The pandemic has resulted in the year end financial
close process, as well as the external audit, having
to take place largely remotely in a number of
locations this year.
We validated that the cash flow forecast models
used across the goodwill impairment, going concern
and viability assessments were consistent. Our
procedures in respect of the goodwill and indefinite-
lived intangible asset impairment assessments are
covered in the related key audit matter above.
With respect to management’s going concern
assessment, our procedures are covered in the
‘conclusions relating to going concern’ section below.

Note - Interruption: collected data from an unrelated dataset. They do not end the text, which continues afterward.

Lemma self_similar_refinable : refinable B (fun x => fine (mu `[0, x]%classic)).
Proof.
move=> x; rewrite self_similar_fine; last exact: measurable_itv.
congr (_ * _); apply: eq_bigr => d _; rewrite phi_map_preimage_itvcc // mulr0 sub0r.
rewrite self_similar_setI01; last exact: measurable_itv.
rewrite [X in mu X](_ : _ = `[0, K%:R * x - d%:R] `&` `[0, 1])%classic; last first.
  have := ler0n R d => d0; apply/seteqP; split => y /=; rewrite !in_itv /=.
    by move=> [/andP [? ?] /andP [? ?]]; split; apply/andP; split; lra.
  by move=> [/andP [? ?] /andP [? ?]]; split; apply/andP; split; lra.
by rewrite -self_similar_setI01 //; exact: measurable_itv.
Qed.

End SelfSimilarMeasure.

Lemma cdf_ofE (R : realType) (mu : probability R R) x :
  cdf_of mu x = (fine (mu `[0, x]%classic))%:E.
Proof. by rewrite fineK // fin_num_measure //; exact: measurable_itv. Qed.

Theorem lemma2p8 (R : realType) (L M N : nat) (B1 B2 : seq bool)
  (mu1 mu2 : probability R R) :
  binary_digit_vector (N ^ L) B1 ->
  binary_digit_vector (N ^ M) B2 ->
  self_similar B1 mu1 -> self_similar B2 mu2 ->
  kron B1 B2 = kron B2 B1 ->
  cdf_of mu1 = cdf_of mu2.
Proof.
move=> [_ sB1 /andP [c1 _]] [N3M sB2 /andP [c2 _]] mu1B1 mu2B2 B12.
have M0 : M != 0%N by apply: contraTneq N3M => ->.
have B1M_B2L : kron_pow B1 M = kron_pow B2 L.
  by apply: kron_pow_eq_of_comm; rewrite ?(ltnW c1) ?(ltnW c2) // sB1 sB2 -!expnM mulnC.
have cX : (1 < bnorm (kron_pow B1 M))%N.
  rewrite bnorm_kron_pow -(prednK (_ : (0 < M)%N)) ?lt0n // expnS (leq_trans c1) //.
  by rewrite leq_pmulr // expn_gt0 (ltnW c1).
have F1 := refinable_kron_pow M (self_similar_refinable c1 mu1B1).
have F2 := refinable_kron_pow L (self_similar_refinable c2 mu2B2).
rewrite B1M_B2L in F1 cX.
have C1 := self_similar_cdf01 c1 mu1B1; have C2 := self_similar_cdf01 c2 mu2B2.
by apply/funext => x; rewrite !cdf_ofE (refinable_cdf01_uniq cX C1 C2 F1 F2).
Qed.
(* Let $H=(E,\{X_i:i\in[n]\})$ be a hypergraph such that $|X_i\cap X_j|\le1$ for all distinct $i,j\in[n]$, and such that there are no $a,b,c\in E$ with $\{a,b\},\{a,c\},\{b,c\}$ all hyperedges. Let $\rho(A)=\sum_{i=1}^n\min\{|A\cap X_i|,1\}$ for $A\subseteq E$. Fix an integer $s$ with $\max\{\rho(A): A\subseteq E,\ |A|\le4\}\le s<\rho(E)$. If the truncation $T(\rho,s)$ is $k$-decomposable, then there is a proper $k$-coloring $c$ of the line graph $G_H$ with $s\ge c_1+2c_2^+$. If $s<\chi(G_H)$, then $T(\rho,s)$ is indecomposable.
   Context: A polymatroid on a finite set $E$ is a function $\rho:2^E\to\mathbb{Z}$ that is normalized, non-decreasing and submodular. A hypergraph is $H=(E,\mathcal{E})$ with $E$ finite and $\mathcal{E}=\{X_i:i\in[n]\}$ a set of nonempty subsets of $E$. The line graph $G_H$ has vertex set $[n]$ with $ij$ an edge iff $i\ne j$ and $X_i\cap X_j\ne\emptyset$. The truncation $T(\rho,s)$ is the polymatroid $X\mapsto\min\{\rho(X),s\}$. A polymatroid is $k$-decomposable if it equals $r_{M_1}+\cdots+r_{M_k}$ for matroids $M_1,\dots,M_k$ on its ground set, and indecomposable if it is not $k$-decomposable for any $k$. For a proper coloring $c:[n]\to[k]$, $c_1$ (resp. $c_2^+$) is the number of $i\in[k]$ with $|c^{-1}(i)|=1$ (resp. $\ge2$). *)

From mathcomp Require Import all_boot all_order.
Set Implicit Arguments. Unset Strict Implicit. Unset Printing Implicit Defensive.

We have instructed our component teams to
assess the recoverability of receivable balances,
in particular for aged balances. We have assessed
the reasonableness of the group’s expected
credit losses on receivable balances in accordance
with IFRS 9. There were no material individual
impairments of trade receivables or contract assets.
We also instructed our component teams
to understand if there were any changes to
management’s planned operation of controls or
monitoring activities. Based on our work, we did not
identify any evidence of material deterioration in the
control environment. We increased the frequency
and extent of our oversight over component
audit teams, using video conferencing and remote
working paper reviews, to satisfy ourselves as to
the appropriateness of audit work performed at
financially significant and material components.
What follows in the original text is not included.